Q:  If Sara and Tom weren’t forced together, would they still be a good match romantically?

A:  I have a friend who can always find a parking spot right in front of the restaurant we’re going to, whereas, if I’m driving, I’m lucky if I find a spot within five blocks.  They say, “I’ve got good parking karma.”  I was thinking about this when I started working on Lucky Me.  Why does good fortune and bad fortune seem to operate so disproportionately in some people’s lives, than it does in others.  So I down really see Sara and Tom as being “forced” together.  I put them together in the same room, because I knew they interaction would cause them to change the circumstances I had created at the outset of the play.  I think audience members view characters as “people.”  And playwrights view characters as “dramatic functions.”  Each character must serve a purpose in the play.  It’s why I’m always thrown by audience members at talk-backs who ask me things like, “Do you think they character will remain together [after the curtain falls]” or “What’s going to happen to so-and-so.”  I just don’t think it those terms.  I spend most of my time thinking about the character’s backstory, and then the rest of the time typing the dialogue, but I spend no time at all thinking about what happens after I typed “The lights fade.  End of play.”

Q:  Is it significant that Sara doesn’t have female relationships in her life?

A:  I don’t really know.  I’ve found that audience members place significance on different things.  I didn’t consciously omit female relationships from her life, I just wanted to begin with someone who’s been fairly reclusive for much of her adult life, and along comes this guy who keeps knocking on the door wanting to be helpful.  It’s interesting: in writing classes students are always told to create conflict.  It gets drummed into young writers so persistently that I think they build up a complex and assume that conflict has to be this huge and tumultuous force in the play.  The plays that I like are the ones that take the seemingly inconsequential details of our lives and render them a tension-builders, which is sort of the way it works in most people’s lives.  It can be equally satisfying dramatically to generate conflict in that way.  I think about what David Hare calls the “telling detail” about a character.  And certainly one of the telling details is that Sara lives alone with her father. 

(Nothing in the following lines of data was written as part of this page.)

(* Let $\mathcal{G}=(\mathcal{V},\mathcal{A})$ be the information-flow graph of a single-sender single-uniprior index-coding instance with message lengths $q_1,\dots,q_n$. Then \[ \ell^*(\mathcal{G}) \geq \max_{\mathcal{G}'=(\mathcal{V},\mathcal{A}'):\ \mathcal{A}'\subseteq\mathcal{A}} \ \sum_{i:\ i \text{ is a predecessor of some vertex in } \mathcal{L}(\mathcal{G}')} q_i . \]
   Context: Single-sender single-uniprior index coding: there are $n$ receivers and $n$ independent messages $x_1,\dots,x_n$; message $x_i$ consists of $q_i\ge 1$ bits, each independently uniformly distributed on $\{0,1\}$. A single sender knows all messages. Receiver $i$ knows $x_i$ a priori and requests a set $\mathcal{W}_i$ of messages with $x_i\notin\mathcal{W}_i$. The information-flow graph is the directed graph $\mathcal{G}=(\mathcal{V},\mathcal{A})$ with $\mathcal{V}=\{1,\dots,n\}$ and an arc $(j\to i)\in\mathcal{A}$ iff $x_j\in\mathcal{W}_i$. An index code of length $\ell$ consists of an encoding function $E:\{0,1\}^{\sum_i q_i}\to\{0,1\}^\ell$ and, for each receiver $i$, a decoding function $D_i$ such that $D_i(E(x_1,\dots,x_n),x_i)$ equals the tuple of messages in $\mathcal{W}_i$ for all values of the messages. $\ell^*(\mathcal{G})$ denotes the minimum length of an index code. For a directed graph $\mathcal{H}$, a leaf vertex is a vertex with no outgoing arcs and $\mathcal{L}(\mathcal{H})$ is the set of leaf vertices of $\mathcal{H}$. A vertex $j$ is a predecessor of vertex $i$ in $\mathcal{H}$ iff there is a directed path in $\mathcal{H}$ from $j$ to $i$. *)

From mathcomp Require Import all_boot.
Set Implicit Arguments. Unset Strict Implicit. Unset Printing Implicit Defensive.

(* Vertices are 'I_n; message x_i is a (q i)-bit string; the information-flow
   graph is given by its arc relation A : rel 'I_n, with A j i meaning
   (j -> i) is an arc, i.e. receiver i requests x_j. *)

Definition msgs (n : nat) (q : 'I_n -> nat) := forall i : 'I_n, (q i).-tuple bool.

Definition is_index_code (n : nat) (q : 'I_n -> nat) (A : rel 'I_n) (l : nat)
  (E : msgs q -> l.-tuple bool)
  (D : forall i : 'I_n, l.-tuple bool -> (q i).-tuple bool ->
         forall j : 'I_n, A j i -> (q j).-tuple bool) : Prop :=
  forall (x : msgs q) (i j : 'I_n) (hji : A j i), D i (E x) (x i) j hji = x j.

Definition has_index_code (n : nat) (q : 'I_n -> nat) (A : rel 'I_n) (l : nat) : Prop :=
  exists E D, @is_index_code n q A l E D.

(* ell_star(G) >= b  is expressed as: every index code for G has length >= b. *)

Definition is_leaf (n : nat) (A' : rel 'I_n) (i : 'I_n) : bool :=
  [forall k, ~~ A' i k].

Definition is_pred (n : nat) (A' : rel 'I_n) (j i : 'I_n) : bool :=
  [exists k, A' j k && connect A' k i].

Definition pred_of_leaves (n : nat) (A' : rel 'I_n) : {set 'I_n} :=
  [set j | [exists i, is_leaf A' i && is_pred A' j i]].

(* Only the messages of predecessors of leaves of a subgraph A' matter.
   Fix the other messages. A leaf of A' is not such a predecessor, so its
   message is fixed too; and whenever receiver i knows x_i it decodes every
   x_j with (j -> i) in A' from the codeword. Walking backwards along the paths
   of A' that end at leaves, the codeword therefore determines every message
   of a predecessor of a leaf. Hence the encoder is injective on a family of
   2^(sum of their q_j) message tuples, which forces l to be at least that sum. *)
From mathcomp Require Import all_boot.
Set Implicit Arguments. Unset Strict Implicit. Unset Printing Implicit Defensive.

Lemma leaf_notin_pred_of_leaves (n : nat) (A' : rel 'I_n) (i : 'I_n) :
  is_leaf A' i -> i \notin pred_of_leaves A'.
Proof.
move=> /forallP leaf_i; rewrite inE; apply/existsP => -[i' /andP[_]].
by case/existsP => k /andP[ik _]; move: (leaf_i k); rewrite ik.
Qed.

Section IndexCodeDecoding.

Variables (n : nat) (q : 'I_n -> nat) (A : rel 'I_n) (l : nat).
Variables (E : msgs q -> l.-tuple bool)
  (D : forall i : 'I_n, l.-tuple bool -> (q i).-tuple bool ->
         forall j : 'I_n, A j i -> (q j).-tuple bool).
Hypothesis code : is_index_code E D.
Variables (x y : msgs q).
Hypothesis Exy : E x = E y.

Lemma index_code_decode_eq (j i : 'I_n) : A j i -> x i = y i -> x j = y j.
Proof. by move=> ji xyi; rewrite -(code x ji) -(code y ji) Exy xyi. Qed.

Lemma index_code_connect_eq (A' : rel 'I_n) (k i : 'I_n) :
  subrel A' A -> connect A' k i -> x i = y i -> x k = y k.
Proof.
move=> sA'A /connectP[p]; elim: p k => [|k' p IHp] k /=; first by move=> _ ->.
case/andP=> kk' path_k'p last_i xyi.
by apply: (index_code_decode_eq (sA'A _ _ kk')); apply: IHp.
Qed.

Lemma index_code_eq_off_pred_of_leaves (A' : rel 'I_n) :
  subrel A' A -> (forall j, j \notin pred_of_leaves A' -> x j = y j) ->
  forall j, x j = y j.
Proof.
move=> sA'A xy_off j; have [Pj | /xy_off //] := boolP (j \in pred_of_leaves A').
move: Pj; rewrite inE => /existsP[i /andP[leaf_i /existsP[k /andP[jk ki]]]].
apply: (index_code_decode_eq (sA'A _ _ jk)).
by apply: (index_code_connect_eq sA'A ki); apply/xy_off/leaf_notin_pred_of_leaves.
Qed.

End IndexCodeDecoding.

Section MessagesOfBits.

Variables (n : nat) (q : 'I_n -> nat).

Definition msg_bit := {j : 'I_n & 'I_(q j)}.

Definition msgs_of_bits (f : {ffun msg_bit -> bool}) : msgs q :=
  fun j => [tuple f (Tagged (fun j => 'I_(q j)) k) | k < q j].

Lemma msgs_of_bits_inj (f g : {ffun msg_bit -> bool}) :
  (forall j, msgs_of_bits f j = msgs_of_bits g j) -> f = g.
Proof.
move=> fg; apply/ffunP => -[j k].
by move: (congr1 (fun t => tnth t k) (fg j)); rewrite !tnth_mktuple.
Qed.

Lemma card_msg_bits_in (P : {set 'I_n}) :
  #|[pred b : msg_bit | tag b \in P]| = \sum_(j in P) q j.
Proof.
rewrite -sum1_card -(eq_bigl _ _ (fun b => andbT (tag b \in P))).
rewrite -(sig_big_dep (mem P) (fun j (_ : 'I_(q j)) => true) (fun _ _ => 1)).
by apply: eq_bigr => j _; rewrite sum1_card card_ord.
Qed.

End MessagesOfBits.

Theorem lemma5 (n : nat) (q : 'I_n -> nat) (A : rel 'I_n)
  (hq : forall i, 0 < q i)
  (hirr : forall i, ~~ A i i)
  (A' : rel 'I_n) (hsub : forall j i, A' j i -> A j i)
  (l : nat) (hcode : has_index_code q A l) :
  \sum_(j in pred_of_leaves A') q j <= l.
Proof.
case: hcode => E [D code].
set P := pred_of_leaves A'.
pose free_bits := pffun_on false [pred b : msg_bit q | tag b \in P] predT.
have inj : {in free_bits &, injective (fun f => E (msgs_of_bits f))}.
  move=> f g /pffun_onP[/supportP f_off _] /pffun_onP[/supportP g_off _] Efg.
  apply/msgs_of_bits_inj/(index_code_eq_off_pred_of_leaves code Efg hsub) => j Pj.
  by apply: eq_mktuple => k; rewrite f_off ?g_off.
have := @leq_card_in _ _ _ free_bits inj.
by rewrite card_pffun_on card_msg_bits_in card_tuple card_bool leq_exp2l.
Qed.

Robert Caisley is Professor of Theatre and Head of Dramatic Writing at the University of Idaho.  His last play HAPPY enjoyed an National New Play Network Rolling World Premiere in the 2012-13 Season, playing at Montana Repertory Theatre, New Theatre (Miami, FL), New Jersey Repertory Company, 6th Street Playhouse (Santa Rosa, CA) and continuing on to Redtwist Theatre in Chicago.  The Miami Herald hailed it as “90 wild and intriguing minutes!” It was nominated in 2012 as a Finalist for both the prestigious Eugene O’Neill Theatre Center New Play Conference and the Woodward/Newman Drama Award, it won the 2013 SOTA Award for Best New Play in Northern California, was a nominee for the 2014 San Francisco Bay Area Critics Circle Award for Best Original Script, and was named by Chicago Magazine as one of the “Nine Best Comedies in Chicago Theatre” this past spring.  Other plays include: KITE’S BOOK: TALES OF AN 18TH CENTURY HITMAN (6th Street Playhouse), FRONT (now published by Samuel French, Inc.) and KISSING (New Theatre, Miami.)  He is currently at work on a new play commissioned by the Clarence Brown Theatre in Knoxville, TN.